#### [Exercise directions]
The answer is to be an exact copy of the lines below running from the line with "Proof. intros Hr. apply RInt_correct_R, ex_RInt_log_poisson, Hr." down to the line with "(* Let $p\ge", both ends included, and nothing more.

#### [Available records]
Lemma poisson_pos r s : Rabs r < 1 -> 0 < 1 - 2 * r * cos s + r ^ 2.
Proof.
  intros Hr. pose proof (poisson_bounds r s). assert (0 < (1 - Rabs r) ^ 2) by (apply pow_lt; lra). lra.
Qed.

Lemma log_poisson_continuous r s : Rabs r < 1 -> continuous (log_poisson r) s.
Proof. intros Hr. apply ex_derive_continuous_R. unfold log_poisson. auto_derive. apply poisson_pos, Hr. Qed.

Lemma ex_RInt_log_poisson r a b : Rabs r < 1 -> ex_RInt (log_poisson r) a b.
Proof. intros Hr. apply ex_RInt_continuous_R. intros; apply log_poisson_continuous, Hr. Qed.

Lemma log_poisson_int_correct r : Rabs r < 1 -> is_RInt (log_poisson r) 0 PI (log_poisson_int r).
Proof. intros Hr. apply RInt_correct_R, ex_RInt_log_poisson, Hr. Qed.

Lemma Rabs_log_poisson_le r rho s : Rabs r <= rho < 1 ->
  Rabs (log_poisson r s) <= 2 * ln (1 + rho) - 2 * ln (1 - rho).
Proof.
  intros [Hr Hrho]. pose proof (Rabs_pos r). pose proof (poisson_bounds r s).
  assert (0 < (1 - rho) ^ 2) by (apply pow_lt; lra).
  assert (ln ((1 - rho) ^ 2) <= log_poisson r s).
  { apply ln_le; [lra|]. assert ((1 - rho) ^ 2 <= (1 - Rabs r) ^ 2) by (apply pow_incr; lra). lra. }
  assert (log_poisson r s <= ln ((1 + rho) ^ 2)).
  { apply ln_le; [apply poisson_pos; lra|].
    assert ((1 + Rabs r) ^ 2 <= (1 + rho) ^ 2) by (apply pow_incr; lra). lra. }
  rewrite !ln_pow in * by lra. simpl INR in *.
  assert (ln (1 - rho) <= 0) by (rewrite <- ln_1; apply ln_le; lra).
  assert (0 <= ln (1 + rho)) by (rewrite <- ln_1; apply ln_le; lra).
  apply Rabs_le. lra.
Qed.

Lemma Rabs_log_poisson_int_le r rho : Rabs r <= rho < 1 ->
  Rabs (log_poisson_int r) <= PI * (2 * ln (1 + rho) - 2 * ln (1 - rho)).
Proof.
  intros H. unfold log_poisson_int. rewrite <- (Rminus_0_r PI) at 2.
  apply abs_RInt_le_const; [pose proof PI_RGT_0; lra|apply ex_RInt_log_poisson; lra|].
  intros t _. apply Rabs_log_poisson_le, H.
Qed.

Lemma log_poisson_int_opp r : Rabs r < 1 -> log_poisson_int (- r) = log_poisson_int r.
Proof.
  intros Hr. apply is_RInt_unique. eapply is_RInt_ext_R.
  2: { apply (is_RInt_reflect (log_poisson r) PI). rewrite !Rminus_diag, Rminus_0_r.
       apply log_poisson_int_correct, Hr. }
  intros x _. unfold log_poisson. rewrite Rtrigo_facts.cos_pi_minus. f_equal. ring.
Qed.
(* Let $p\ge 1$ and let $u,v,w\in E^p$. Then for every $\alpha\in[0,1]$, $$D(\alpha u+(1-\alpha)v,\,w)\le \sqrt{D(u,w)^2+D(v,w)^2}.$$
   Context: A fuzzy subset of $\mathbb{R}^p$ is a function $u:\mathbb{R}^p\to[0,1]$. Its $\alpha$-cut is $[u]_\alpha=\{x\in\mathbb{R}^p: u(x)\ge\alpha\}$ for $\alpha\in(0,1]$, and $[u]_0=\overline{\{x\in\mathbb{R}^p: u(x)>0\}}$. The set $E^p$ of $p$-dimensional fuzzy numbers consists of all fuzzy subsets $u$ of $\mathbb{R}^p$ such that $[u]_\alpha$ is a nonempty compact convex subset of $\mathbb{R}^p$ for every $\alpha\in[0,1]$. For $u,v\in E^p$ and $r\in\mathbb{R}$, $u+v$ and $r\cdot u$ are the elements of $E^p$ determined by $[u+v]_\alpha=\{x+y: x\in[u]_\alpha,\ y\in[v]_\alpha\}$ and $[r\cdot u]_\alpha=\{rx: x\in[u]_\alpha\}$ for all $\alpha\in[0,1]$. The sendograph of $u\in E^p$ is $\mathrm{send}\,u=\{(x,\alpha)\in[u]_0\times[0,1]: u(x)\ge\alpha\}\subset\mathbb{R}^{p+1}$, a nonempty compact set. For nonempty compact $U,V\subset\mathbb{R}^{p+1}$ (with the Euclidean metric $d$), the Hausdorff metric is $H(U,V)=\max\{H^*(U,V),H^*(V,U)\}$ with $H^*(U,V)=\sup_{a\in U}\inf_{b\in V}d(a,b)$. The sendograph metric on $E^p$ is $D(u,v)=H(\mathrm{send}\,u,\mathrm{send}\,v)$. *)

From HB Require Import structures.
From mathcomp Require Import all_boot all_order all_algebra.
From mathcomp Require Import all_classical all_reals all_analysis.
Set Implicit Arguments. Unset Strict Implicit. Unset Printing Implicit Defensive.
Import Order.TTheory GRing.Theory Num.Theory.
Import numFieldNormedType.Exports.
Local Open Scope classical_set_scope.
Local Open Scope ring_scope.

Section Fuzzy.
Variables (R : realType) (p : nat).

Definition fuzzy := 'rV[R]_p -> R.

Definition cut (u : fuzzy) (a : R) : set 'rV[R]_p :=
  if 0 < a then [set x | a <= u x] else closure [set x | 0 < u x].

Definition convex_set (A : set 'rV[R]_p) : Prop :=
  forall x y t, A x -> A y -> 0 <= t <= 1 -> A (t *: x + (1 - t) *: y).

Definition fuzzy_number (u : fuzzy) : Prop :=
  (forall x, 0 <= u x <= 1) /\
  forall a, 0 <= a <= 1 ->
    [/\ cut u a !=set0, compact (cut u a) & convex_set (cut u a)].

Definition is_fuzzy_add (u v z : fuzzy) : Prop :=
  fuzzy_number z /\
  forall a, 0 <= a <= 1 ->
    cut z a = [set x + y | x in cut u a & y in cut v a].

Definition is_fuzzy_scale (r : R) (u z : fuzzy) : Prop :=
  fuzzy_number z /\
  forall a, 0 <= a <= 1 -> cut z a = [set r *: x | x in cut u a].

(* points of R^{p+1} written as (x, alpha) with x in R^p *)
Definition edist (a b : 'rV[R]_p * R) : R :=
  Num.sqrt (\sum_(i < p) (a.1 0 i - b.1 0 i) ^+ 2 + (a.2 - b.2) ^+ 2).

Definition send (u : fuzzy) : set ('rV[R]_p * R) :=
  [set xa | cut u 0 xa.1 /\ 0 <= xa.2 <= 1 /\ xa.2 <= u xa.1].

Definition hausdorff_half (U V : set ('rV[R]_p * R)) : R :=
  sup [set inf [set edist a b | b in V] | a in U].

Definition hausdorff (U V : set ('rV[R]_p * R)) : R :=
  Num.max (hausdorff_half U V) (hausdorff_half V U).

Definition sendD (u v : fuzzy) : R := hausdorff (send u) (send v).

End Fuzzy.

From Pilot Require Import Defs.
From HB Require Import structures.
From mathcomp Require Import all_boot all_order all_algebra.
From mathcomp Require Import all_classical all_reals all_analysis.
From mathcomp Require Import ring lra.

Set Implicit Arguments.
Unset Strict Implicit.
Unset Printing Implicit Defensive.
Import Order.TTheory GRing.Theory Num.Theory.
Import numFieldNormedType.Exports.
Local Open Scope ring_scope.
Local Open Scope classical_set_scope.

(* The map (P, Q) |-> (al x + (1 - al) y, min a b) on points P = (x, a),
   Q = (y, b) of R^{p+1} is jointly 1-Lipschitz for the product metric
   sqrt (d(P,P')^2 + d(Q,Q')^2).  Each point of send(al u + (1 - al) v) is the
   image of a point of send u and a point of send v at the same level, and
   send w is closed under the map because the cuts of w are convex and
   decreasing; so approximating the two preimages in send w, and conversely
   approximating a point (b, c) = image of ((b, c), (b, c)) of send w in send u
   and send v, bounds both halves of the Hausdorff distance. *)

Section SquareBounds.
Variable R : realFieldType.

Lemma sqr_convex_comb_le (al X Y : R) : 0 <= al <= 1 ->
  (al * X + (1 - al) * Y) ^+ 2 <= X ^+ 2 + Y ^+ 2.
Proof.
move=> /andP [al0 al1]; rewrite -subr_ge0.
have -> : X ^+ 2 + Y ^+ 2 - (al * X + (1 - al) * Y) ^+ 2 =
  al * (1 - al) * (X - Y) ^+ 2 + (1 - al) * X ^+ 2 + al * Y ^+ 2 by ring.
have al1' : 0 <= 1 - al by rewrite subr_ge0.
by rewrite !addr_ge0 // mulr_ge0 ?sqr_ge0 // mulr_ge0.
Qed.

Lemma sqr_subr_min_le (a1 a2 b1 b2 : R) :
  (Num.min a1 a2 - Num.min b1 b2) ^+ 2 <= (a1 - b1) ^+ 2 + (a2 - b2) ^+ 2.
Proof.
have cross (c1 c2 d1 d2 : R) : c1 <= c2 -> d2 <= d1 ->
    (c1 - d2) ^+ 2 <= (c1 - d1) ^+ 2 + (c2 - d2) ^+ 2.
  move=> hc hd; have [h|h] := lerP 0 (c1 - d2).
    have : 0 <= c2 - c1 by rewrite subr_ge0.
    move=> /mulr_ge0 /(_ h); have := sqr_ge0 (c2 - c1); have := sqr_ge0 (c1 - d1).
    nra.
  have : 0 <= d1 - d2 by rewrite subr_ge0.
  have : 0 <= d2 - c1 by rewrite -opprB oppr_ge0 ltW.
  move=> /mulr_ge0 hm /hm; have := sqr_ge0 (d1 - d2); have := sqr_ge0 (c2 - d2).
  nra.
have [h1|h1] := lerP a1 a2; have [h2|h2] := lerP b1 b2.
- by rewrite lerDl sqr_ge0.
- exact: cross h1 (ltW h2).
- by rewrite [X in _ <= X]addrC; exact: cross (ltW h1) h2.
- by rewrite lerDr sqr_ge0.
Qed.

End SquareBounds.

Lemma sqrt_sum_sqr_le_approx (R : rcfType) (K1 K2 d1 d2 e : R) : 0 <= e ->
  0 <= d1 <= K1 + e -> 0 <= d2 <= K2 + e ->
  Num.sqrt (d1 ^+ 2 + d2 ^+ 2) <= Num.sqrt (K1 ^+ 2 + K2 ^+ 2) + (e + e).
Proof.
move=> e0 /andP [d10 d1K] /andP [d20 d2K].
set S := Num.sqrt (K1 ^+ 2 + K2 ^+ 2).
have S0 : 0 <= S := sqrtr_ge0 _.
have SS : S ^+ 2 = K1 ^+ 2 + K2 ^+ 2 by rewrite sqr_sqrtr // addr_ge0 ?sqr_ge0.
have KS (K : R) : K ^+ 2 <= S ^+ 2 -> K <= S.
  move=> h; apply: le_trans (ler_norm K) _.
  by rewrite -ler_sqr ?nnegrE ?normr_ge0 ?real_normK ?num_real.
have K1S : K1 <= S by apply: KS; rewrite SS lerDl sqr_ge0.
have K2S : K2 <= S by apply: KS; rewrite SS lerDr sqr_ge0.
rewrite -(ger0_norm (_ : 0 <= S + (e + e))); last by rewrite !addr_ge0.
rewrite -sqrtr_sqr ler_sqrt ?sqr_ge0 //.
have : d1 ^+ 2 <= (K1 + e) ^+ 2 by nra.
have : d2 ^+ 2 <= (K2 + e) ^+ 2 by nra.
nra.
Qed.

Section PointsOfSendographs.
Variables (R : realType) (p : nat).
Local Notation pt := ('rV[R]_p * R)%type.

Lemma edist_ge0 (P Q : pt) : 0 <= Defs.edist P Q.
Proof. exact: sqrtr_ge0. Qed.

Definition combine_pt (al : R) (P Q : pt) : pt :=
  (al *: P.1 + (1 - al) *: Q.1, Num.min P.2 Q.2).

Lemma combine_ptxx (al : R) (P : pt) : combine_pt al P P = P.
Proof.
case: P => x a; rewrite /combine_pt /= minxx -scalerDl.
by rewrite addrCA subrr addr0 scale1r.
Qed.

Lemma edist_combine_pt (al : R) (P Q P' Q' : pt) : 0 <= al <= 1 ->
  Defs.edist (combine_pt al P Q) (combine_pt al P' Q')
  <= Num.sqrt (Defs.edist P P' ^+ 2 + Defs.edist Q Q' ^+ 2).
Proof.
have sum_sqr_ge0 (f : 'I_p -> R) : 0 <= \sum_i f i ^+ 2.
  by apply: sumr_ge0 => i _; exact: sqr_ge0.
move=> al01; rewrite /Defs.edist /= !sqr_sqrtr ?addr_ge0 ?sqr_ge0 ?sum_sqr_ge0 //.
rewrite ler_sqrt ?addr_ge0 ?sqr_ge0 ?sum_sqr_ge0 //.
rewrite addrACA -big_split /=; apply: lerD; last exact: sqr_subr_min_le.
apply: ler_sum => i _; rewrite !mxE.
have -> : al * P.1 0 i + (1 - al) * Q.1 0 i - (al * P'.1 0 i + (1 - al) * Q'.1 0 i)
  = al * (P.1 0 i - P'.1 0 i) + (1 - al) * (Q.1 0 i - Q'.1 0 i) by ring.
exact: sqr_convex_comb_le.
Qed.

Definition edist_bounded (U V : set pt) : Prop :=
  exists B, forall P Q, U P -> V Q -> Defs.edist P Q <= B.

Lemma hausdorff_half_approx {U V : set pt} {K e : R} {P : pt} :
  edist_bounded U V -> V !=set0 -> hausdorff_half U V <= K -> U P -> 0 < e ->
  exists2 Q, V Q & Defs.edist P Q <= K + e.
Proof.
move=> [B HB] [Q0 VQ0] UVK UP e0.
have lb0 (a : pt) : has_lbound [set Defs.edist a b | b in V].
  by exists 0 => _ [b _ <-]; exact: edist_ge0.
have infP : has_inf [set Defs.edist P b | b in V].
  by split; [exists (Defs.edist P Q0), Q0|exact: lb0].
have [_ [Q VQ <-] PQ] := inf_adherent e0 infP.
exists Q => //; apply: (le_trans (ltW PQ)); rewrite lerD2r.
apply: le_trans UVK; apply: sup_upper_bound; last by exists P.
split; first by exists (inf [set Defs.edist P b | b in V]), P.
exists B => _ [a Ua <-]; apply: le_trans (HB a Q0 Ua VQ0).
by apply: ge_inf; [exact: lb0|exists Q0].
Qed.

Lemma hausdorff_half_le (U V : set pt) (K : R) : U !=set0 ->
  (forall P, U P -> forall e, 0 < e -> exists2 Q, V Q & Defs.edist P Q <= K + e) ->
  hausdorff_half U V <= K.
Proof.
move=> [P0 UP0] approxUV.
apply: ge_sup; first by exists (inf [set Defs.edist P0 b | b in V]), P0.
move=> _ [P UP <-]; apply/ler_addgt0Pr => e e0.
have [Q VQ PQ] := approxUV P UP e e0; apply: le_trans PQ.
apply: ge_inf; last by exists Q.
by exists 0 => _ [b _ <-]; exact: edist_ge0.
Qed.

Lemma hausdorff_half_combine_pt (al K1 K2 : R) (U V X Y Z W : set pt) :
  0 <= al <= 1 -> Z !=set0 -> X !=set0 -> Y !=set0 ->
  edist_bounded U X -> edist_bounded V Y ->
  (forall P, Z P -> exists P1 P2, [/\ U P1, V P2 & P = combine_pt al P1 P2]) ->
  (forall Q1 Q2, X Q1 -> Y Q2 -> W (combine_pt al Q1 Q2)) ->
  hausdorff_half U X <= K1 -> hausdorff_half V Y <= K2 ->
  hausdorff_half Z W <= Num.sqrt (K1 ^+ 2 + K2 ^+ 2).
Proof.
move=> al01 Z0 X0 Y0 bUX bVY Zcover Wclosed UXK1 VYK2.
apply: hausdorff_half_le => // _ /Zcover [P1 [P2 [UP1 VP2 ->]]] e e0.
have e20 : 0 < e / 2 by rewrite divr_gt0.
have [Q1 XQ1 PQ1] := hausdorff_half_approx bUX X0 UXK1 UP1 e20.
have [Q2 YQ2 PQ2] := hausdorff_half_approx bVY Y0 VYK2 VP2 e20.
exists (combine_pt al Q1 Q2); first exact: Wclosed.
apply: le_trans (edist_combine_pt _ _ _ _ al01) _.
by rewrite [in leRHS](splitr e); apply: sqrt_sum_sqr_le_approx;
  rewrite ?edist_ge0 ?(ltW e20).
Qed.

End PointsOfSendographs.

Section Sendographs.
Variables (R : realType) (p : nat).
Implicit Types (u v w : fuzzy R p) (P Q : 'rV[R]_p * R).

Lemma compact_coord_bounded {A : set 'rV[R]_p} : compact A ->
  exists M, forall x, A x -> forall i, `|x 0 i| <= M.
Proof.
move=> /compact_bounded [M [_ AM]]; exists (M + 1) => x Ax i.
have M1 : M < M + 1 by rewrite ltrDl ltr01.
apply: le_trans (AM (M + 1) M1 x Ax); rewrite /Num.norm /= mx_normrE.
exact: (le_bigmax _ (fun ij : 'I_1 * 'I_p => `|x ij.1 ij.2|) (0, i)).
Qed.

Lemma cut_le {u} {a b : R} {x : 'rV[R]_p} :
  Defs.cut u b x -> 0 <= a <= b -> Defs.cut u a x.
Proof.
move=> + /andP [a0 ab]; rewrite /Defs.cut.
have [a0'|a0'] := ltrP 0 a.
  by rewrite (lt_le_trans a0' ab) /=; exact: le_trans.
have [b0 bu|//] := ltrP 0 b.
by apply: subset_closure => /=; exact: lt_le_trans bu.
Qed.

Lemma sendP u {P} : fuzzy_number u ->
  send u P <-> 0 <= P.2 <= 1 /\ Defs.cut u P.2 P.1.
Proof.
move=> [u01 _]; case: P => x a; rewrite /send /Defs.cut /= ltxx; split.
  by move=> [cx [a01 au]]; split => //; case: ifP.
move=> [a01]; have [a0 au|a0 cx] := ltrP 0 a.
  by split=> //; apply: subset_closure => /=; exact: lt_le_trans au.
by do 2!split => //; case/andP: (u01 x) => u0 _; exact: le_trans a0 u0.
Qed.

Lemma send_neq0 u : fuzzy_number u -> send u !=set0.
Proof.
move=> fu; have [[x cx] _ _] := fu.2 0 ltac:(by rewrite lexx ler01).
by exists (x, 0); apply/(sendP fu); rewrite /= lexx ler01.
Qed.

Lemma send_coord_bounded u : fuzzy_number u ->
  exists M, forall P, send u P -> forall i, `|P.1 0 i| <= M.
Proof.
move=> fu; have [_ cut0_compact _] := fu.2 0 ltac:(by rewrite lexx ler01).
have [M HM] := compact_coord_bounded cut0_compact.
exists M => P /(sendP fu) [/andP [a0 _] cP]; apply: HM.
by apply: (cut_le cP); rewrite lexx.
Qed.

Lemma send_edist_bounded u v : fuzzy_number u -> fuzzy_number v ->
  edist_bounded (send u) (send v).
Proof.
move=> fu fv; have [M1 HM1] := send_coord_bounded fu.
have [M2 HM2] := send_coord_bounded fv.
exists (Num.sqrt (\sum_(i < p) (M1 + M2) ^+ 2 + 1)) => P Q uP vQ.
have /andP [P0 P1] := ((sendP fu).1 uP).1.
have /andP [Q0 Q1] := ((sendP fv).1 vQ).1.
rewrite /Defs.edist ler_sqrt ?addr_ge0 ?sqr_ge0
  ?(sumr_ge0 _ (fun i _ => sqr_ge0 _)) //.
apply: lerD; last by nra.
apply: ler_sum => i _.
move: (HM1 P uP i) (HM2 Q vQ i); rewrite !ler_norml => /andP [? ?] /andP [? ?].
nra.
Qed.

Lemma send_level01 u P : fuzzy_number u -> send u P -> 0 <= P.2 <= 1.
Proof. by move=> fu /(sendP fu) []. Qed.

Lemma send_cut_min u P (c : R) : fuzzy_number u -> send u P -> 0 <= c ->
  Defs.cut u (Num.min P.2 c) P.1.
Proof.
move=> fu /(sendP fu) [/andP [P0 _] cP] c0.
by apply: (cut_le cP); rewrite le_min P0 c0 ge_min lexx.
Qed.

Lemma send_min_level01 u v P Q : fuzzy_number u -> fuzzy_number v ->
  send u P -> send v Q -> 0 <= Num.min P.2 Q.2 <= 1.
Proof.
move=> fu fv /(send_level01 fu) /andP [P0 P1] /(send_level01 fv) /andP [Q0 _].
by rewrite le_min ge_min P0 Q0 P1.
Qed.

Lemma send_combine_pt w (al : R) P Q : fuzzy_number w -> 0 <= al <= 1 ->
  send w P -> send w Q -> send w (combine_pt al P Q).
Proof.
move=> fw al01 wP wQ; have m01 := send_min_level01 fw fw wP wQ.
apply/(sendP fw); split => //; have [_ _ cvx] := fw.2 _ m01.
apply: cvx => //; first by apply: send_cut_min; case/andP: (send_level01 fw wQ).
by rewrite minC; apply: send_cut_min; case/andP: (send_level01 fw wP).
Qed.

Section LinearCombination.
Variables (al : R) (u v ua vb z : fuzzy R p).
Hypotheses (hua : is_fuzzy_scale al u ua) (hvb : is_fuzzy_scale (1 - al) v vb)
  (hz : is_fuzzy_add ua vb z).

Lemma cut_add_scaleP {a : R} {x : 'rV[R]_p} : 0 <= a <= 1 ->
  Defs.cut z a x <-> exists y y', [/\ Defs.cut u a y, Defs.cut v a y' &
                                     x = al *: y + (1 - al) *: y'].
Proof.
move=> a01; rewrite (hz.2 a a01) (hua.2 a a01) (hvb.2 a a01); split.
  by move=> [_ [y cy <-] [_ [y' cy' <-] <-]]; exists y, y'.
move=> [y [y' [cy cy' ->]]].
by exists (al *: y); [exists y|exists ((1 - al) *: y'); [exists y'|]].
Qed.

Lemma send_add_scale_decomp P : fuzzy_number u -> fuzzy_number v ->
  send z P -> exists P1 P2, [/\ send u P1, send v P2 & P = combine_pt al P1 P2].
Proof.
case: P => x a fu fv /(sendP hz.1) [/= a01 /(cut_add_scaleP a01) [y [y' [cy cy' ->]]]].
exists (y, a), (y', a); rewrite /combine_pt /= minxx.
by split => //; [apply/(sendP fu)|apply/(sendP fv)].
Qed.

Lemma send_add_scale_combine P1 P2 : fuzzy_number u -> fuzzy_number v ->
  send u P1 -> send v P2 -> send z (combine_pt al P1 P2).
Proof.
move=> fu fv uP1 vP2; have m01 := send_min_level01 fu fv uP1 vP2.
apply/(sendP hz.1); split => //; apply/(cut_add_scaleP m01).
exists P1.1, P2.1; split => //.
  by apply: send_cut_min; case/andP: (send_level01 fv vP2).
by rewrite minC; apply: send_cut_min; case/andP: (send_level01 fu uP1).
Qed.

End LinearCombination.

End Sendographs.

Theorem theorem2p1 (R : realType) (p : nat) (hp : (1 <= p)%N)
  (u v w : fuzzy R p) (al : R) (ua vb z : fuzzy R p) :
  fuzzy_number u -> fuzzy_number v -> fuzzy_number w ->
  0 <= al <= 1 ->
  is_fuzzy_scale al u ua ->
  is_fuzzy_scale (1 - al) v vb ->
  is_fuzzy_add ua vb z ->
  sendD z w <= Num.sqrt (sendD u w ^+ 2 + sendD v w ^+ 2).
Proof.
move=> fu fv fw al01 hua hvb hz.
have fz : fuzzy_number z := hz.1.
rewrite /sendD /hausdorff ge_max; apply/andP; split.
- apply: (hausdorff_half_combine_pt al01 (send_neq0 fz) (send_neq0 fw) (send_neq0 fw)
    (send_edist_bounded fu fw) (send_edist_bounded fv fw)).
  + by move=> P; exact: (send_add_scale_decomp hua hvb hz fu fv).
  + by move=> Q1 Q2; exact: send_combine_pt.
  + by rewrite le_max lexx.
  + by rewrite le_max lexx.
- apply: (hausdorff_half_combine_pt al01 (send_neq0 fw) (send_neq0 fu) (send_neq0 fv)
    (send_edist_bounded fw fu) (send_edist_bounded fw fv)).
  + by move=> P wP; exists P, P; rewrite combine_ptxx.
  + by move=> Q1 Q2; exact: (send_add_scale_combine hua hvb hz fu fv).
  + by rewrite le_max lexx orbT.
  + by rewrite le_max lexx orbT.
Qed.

#### [Answer below]
Proof. intros Hr. apply RInt_correct_R, ex_RInt_log_poisson, Hr. Qed.

Lemma Rabs_log_poisson_le r rho s : Rabs r <= rho < 1 ->
  Rabs (log_poisson r s) <= 2 * ln (1 + rho) - 2 * ln (1 - rho).
Proof.
  intros [Hr Hrho]. pose proof (Rabs_pos r). pose proof (poisson_bounds r s).
  assert (0 < (1 - rho) ^ 2) by (apply pow_lt; lra).
  assert (ln ((1 - rho) ^ 2) <= log_poisson r s).
  { apply ln_le; [lra|]. assert ((1 - rho) ^ 2 <= (1 - Rabs r) ^ 2) by (apply pow_incr; lra). lra. }
  assert (log_poisson r s <= ln ((1 + rho) ^ 2)).
  { apply ln_le; [apply poisson_pos; lra|].
    assert ((1 + Rabs r) ^ 2 <= (1 + rho) ^ 2) by (apply pow_incr; lra). lra. }
  rewrite !ln_pow in * by lra. simpl INR in *.
  assert (ln (1 - rho) <= 0) by (rewrite <- ln_1; apply ln_le; lra).
  assert (0 <= ln (1 + rho)) by (rewrite <- ln_1; apply ln_le; lra).
  apply Rabs_le. lra.
Qed.

Lemma Rabs_log_poisson_int_le r rho : Rabs r <= rho < 1 ->
  Rabs (log_poisson_int r) <= PI * (2 * ln (1 + rho) - 2 * ln (1 - rho)).
Proof.
  intros H. unfold log_poisson_int. rewrite <- (Rminus_0_r PI) at 2.
  apply abs_RInt_le_const; [pose proof PI_RGT_0; lra|apply ex_RInt_log_poisson; lra|].
  intros t _. apply Rabs_log_poisson_le, H.
Qed.

Lemma log_poisson_int_opp r : Rabs r < 1 -> log_poisson_int (- r) = log_poisson_int r.
Proof.
  intros Hr. apply is_RInt_unique. eapply is_RInt_ext_R.
  2: { apply (is_RInt_reflect (log_poisson r) PI). rewrite !Rminus_diag, Rminus_0_r.
       apply log_poisson_int_correct, Hr. }
  intros x _. unfold log_poisson. rewrite Rtrigo_facts.cos_pi_minus. f_equal. ring.
Qed.
(* Let $p\ge 1$ and let $u,v,w\in E^p$. Then for every $\alpha\in[0,1]$, $$D(\alpha u+(1-\alpha)v,\,w)\le \sqrt{D(u,w)^2+D(v,w)^2}.$$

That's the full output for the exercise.